======== DATA FOR PROCESSING

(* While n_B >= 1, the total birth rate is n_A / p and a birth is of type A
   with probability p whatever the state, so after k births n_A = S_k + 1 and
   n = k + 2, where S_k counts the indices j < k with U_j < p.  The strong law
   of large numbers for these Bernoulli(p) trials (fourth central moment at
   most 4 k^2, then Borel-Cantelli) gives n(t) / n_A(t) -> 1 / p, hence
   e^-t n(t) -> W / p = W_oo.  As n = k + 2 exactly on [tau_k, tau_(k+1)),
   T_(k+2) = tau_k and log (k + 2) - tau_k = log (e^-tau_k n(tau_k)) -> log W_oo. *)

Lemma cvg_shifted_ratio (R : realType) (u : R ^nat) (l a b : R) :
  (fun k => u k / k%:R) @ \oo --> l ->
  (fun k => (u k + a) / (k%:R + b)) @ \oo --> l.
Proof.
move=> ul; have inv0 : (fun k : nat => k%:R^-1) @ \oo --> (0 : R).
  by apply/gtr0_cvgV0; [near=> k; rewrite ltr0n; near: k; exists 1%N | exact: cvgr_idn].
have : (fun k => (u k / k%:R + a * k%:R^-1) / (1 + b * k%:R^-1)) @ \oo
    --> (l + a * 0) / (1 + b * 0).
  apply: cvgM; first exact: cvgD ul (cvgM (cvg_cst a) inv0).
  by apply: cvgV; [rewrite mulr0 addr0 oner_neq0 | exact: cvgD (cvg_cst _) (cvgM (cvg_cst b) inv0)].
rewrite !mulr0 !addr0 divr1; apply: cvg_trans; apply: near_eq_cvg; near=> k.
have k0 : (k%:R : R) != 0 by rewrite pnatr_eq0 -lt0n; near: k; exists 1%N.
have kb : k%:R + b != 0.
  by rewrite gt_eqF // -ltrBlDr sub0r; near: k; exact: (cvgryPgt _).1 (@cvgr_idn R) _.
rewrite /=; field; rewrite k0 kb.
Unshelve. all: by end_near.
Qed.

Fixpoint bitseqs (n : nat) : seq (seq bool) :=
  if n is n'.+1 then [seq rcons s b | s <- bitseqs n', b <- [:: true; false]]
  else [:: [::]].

================

Which lines of the records contain the word "with"? Copy each of them.

#### [EXPECTED ANSWER]
   with probability p whatever the state, so after k births n_A = S_k + 1 and
   n = k + 2, where S_k counts the indices j < k with U_j < p.  The strong law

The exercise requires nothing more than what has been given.